◆ PROMPT
In the listing below, find each line holding "Import" and copy it.

◆ EXERCISE INPUTS
··········
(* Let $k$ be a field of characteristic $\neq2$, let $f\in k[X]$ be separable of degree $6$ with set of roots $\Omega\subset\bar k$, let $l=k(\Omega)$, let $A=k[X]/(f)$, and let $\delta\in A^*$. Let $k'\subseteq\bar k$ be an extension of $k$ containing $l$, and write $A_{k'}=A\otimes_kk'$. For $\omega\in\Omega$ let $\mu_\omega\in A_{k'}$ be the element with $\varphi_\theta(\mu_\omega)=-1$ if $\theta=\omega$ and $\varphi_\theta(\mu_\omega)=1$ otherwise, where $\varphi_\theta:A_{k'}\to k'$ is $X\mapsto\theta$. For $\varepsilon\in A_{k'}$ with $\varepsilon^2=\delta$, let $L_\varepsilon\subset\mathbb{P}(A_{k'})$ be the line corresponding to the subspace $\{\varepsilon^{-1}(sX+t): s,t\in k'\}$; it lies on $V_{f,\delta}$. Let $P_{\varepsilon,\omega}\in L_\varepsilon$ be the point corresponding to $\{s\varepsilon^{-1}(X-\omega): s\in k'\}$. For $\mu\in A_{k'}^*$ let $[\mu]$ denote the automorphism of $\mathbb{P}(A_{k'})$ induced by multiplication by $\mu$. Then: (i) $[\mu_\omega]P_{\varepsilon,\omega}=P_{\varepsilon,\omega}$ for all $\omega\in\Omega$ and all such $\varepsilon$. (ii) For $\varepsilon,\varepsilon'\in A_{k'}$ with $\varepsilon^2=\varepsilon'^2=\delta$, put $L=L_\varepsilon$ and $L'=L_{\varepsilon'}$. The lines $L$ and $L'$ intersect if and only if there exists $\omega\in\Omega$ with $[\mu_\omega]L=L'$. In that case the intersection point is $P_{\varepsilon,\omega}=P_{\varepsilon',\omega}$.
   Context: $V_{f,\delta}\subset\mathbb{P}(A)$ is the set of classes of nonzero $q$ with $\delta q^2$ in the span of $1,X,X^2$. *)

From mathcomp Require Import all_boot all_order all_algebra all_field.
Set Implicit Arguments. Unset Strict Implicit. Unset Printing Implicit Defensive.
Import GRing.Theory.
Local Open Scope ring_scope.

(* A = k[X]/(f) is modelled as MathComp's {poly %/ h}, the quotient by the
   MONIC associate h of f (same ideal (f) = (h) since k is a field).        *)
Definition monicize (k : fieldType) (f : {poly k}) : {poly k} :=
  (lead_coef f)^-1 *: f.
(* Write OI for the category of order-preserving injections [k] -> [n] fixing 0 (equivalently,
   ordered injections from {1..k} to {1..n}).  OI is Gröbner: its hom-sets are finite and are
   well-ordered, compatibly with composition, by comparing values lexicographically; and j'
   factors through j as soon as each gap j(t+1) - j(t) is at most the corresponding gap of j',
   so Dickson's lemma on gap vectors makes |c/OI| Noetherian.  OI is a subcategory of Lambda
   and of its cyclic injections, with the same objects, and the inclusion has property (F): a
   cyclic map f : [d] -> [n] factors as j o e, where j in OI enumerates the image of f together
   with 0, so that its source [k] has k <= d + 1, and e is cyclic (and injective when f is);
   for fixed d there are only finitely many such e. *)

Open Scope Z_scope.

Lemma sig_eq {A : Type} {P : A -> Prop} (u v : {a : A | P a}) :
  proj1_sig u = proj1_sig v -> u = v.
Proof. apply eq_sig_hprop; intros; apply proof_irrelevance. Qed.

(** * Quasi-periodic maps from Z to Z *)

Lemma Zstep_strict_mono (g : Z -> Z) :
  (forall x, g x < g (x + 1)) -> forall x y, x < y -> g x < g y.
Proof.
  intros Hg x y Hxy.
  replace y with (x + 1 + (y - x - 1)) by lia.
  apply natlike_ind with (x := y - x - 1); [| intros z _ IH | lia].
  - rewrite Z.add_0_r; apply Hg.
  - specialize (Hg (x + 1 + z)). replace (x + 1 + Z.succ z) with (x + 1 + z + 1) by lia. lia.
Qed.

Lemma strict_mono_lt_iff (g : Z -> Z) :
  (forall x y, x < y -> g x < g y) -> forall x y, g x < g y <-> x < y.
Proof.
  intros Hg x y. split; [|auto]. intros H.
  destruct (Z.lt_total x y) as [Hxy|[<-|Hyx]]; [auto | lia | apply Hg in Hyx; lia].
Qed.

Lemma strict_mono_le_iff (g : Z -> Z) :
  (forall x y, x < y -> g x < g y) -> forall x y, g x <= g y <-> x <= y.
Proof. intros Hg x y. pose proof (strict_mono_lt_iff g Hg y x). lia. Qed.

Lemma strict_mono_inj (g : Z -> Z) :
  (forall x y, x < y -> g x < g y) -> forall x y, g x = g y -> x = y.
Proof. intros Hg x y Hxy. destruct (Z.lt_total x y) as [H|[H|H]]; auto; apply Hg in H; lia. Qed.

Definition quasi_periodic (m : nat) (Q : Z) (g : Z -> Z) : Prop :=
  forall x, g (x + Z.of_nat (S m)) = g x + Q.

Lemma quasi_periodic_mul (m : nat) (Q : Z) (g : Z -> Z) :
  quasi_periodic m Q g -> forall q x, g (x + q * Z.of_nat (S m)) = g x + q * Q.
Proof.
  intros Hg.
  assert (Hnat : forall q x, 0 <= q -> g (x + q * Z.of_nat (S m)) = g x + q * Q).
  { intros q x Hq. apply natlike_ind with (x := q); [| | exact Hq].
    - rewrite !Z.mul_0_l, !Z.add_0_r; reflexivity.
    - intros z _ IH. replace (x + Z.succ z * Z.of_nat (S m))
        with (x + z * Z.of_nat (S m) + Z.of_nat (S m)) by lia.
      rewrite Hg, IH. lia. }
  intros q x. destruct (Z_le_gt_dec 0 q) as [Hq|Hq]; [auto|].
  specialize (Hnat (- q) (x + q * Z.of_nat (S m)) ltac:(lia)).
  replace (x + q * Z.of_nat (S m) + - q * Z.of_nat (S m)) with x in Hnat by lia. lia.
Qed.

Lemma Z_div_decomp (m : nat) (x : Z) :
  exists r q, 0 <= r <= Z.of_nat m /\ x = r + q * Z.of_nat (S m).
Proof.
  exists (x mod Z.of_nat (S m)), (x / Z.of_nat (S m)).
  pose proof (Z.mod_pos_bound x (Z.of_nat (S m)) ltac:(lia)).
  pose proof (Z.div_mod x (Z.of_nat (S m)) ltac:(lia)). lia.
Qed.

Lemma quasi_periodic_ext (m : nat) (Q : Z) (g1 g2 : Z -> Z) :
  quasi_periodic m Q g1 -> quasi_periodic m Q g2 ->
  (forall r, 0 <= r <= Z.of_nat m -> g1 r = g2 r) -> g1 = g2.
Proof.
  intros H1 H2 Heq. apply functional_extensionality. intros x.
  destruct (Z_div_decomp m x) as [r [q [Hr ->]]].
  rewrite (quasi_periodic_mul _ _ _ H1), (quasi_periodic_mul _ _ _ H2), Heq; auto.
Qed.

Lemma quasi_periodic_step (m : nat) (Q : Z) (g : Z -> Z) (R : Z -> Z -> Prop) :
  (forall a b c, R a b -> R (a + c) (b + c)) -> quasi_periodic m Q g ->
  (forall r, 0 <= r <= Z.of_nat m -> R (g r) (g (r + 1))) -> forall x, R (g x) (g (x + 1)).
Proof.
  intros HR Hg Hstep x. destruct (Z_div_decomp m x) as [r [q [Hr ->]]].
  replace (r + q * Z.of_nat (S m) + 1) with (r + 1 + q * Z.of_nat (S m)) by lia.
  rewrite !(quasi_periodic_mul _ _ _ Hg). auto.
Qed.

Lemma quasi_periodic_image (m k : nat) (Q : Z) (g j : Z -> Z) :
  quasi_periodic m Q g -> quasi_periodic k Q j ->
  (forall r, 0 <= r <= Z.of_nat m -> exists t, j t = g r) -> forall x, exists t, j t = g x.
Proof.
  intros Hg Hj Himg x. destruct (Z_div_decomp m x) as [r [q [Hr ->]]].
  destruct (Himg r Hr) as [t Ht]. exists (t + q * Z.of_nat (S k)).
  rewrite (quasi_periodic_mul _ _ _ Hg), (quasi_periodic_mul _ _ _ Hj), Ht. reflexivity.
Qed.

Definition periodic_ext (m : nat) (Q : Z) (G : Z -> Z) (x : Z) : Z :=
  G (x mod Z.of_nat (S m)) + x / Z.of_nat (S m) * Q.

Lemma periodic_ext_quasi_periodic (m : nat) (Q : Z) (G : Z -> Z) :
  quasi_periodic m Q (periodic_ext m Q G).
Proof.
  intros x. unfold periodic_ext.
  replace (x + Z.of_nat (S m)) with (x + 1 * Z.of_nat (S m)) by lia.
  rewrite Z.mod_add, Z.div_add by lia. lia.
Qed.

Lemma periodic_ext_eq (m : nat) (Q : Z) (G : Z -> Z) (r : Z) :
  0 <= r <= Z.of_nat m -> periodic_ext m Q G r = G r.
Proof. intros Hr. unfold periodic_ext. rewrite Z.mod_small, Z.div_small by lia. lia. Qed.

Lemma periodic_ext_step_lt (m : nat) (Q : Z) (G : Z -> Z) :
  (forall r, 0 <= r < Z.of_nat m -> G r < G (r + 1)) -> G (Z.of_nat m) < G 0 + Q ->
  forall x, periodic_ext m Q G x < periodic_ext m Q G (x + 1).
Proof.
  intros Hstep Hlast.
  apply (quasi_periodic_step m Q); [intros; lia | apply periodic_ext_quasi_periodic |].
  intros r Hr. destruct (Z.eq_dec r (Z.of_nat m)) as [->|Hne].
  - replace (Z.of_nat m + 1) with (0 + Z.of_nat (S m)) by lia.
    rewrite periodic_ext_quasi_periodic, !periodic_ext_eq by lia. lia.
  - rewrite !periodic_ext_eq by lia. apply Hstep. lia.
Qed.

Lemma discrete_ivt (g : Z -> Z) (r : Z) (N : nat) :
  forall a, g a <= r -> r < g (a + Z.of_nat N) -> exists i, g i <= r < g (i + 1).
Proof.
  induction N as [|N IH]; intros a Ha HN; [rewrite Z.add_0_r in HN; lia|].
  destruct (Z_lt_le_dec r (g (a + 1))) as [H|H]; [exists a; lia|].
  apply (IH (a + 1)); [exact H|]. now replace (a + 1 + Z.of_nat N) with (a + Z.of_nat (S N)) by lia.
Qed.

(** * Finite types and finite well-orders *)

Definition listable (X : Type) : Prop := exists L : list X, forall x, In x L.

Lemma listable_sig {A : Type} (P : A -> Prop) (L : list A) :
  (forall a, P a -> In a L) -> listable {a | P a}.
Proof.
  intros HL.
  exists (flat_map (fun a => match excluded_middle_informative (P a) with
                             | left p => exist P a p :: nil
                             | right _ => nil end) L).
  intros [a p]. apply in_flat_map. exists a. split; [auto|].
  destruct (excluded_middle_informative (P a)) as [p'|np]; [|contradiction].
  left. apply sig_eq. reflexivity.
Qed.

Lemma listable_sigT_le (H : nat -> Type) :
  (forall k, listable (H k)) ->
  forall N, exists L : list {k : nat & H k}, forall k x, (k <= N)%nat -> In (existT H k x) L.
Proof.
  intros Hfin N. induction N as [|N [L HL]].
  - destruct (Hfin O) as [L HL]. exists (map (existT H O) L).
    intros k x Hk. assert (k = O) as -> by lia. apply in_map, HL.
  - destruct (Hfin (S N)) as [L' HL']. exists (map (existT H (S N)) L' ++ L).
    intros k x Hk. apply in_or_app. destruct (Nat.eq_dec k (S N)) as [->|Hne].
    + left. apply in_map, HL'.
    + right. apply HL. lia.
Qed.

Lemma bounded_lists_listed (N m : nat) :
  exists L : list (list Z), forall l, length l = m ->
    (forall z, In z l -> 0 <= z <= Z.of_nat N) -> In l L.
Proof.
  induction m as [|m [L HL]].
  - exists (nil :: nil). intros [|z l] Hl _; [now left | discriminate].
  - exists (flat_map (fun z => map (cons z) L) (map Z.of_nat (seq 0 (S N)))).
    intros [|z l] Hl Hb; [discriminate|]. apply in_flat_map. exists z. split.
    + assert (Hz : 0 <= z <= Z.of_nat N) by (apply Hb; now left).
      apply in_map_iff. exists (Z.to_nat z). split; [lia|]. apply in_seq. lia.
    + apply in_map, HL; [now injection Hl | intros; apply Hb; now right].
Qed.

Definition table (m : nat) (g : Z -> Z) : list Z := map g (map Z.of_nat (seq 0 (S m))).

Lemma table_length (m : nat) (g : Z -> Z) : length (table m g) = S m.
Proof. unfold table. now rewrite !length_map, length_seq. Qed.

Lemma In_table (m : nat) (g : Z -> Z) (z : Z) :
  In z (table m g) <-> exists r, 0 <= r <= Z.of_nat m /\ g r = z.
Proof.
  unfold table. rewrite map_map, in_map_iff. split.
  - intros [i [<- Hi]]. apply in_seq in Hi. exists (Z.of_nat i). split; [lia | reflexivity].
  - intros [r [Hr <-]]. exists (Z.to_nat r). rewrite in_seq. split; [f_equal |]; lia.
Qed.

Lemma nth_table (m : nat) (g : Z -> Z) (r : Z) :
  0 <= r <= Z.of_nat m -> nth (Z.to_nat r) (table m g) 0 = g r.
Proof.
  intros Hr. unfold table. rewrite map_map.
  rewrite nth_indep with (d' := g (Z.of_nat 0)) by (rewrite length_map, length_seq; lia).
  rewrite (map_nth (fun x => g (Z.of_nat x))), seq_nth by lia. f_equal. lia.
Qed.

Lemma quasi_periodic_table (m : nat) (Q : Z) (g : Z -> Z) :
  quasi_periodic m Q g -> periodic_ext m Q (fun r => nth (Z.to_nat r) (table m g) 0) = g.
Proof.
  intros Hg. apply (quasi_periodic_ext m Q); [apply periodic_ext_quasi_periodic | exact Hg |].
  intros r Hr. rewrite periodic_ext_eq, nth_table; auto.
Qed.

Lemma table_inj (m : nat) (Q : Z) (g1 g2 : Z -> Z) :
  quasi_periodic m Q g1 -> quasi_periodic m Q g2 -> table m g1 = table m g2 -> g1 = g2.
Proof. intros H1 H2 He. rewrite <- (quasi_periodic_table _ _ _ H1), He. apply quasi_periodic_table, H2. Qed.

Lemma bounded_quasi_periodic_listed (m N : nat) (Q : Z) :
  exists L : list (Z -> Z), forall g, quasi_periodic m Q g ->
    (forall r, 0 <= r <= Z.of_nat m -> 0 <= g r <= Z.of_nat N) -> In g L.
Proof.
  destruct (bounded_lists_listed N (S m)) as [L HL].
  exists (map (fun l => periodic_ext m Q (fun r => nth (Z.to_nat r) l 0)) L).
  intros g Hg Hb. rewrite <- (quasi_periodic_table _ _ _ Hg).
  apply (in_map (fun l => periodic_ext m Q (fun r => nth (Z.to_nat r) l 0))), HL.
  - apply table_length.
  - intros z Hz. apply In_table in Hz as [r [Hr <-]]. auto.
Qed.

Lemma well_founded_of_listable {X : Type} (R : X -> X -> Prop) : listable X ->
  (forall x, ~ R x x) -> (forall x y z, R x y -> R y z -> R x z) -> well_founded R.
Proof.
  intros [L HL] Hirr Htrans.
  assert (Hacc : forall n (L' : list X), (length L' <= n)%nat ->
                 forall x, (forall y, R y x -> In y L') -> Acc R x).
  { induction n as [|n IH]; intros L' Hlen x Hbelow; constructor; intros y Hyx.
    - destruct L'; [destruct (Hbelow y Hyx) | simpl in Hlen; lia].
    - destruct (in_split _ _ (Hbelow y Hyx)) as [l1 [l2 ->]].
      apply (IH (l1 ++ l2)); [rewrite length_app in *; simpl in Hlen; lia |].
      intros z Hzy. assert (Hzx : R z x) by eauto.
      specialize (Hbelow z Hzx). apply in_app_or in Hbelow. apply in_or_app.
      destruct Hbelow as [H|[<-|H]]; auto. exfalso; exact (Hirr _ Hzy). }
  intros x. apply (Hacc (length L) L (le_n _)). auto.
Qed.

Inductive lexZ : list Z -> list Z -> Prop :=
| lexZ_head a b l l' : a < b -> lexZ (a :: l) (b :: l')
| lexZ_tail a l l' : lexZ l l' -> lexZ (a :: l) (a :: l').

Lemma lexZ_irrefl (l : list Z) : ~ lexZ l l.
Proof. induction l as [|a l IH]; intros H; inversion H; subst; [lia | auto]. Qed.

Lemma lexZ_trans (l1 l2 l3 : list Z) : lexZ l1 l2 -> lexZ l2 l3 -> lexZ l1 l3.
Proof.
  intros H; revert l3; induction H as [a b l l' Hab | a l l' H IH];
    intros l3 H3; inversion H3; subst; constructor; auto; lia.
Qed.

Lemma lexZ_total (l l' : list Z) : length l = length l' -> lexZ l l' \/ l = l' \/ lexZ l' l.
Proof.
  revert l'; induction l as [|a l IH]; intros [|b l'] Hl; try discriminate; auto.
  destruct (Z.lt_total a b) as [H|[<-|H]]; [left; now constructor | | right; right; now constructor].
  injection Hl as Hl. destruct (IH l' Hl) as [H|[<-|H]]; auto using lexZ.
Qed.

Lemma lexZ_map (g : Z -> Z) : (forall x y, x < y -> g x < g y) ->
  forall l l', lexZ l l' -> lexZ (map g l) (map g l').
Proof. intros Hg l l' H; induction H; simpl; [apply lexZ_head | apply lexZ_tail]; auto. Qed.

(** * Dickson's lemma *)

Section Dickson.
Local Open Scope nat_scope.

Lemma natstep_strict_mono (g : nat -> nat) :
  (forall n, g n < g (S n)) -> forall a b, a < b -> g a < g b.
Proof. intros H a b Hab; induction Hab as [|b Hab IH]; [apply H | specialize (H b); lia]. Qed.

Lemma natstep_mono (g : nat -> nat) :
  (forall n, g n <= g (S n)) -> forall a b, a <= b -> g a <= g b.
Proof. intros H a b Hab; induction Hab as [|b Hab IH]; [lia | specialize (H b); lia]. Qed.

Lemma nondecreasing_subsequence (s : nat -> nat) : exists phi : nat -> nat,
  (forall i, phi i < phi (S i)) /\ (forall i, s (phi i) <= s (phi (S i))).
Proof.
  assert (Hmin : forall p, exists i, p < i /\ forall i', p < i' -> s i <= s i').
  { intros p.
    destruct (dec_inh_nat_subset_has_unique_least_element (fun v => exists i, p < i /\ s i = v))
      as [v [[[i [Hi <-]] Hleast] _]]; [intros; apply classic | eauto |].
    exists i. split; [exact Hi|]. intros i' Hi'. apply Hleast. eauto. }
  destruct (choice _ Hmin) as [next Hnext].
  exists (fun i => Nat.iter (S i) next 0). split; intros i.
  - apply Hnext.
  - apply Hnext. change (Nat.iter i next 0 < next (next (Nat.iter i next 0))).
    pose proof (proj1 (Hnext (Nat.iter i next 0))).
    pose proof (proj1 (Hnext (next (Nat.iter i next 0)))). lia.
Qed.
··········
◆ SOLUTION BELOW
From mathcomp Require Import all_boot all_order all_algebra all_field.
Import GRing.Theory.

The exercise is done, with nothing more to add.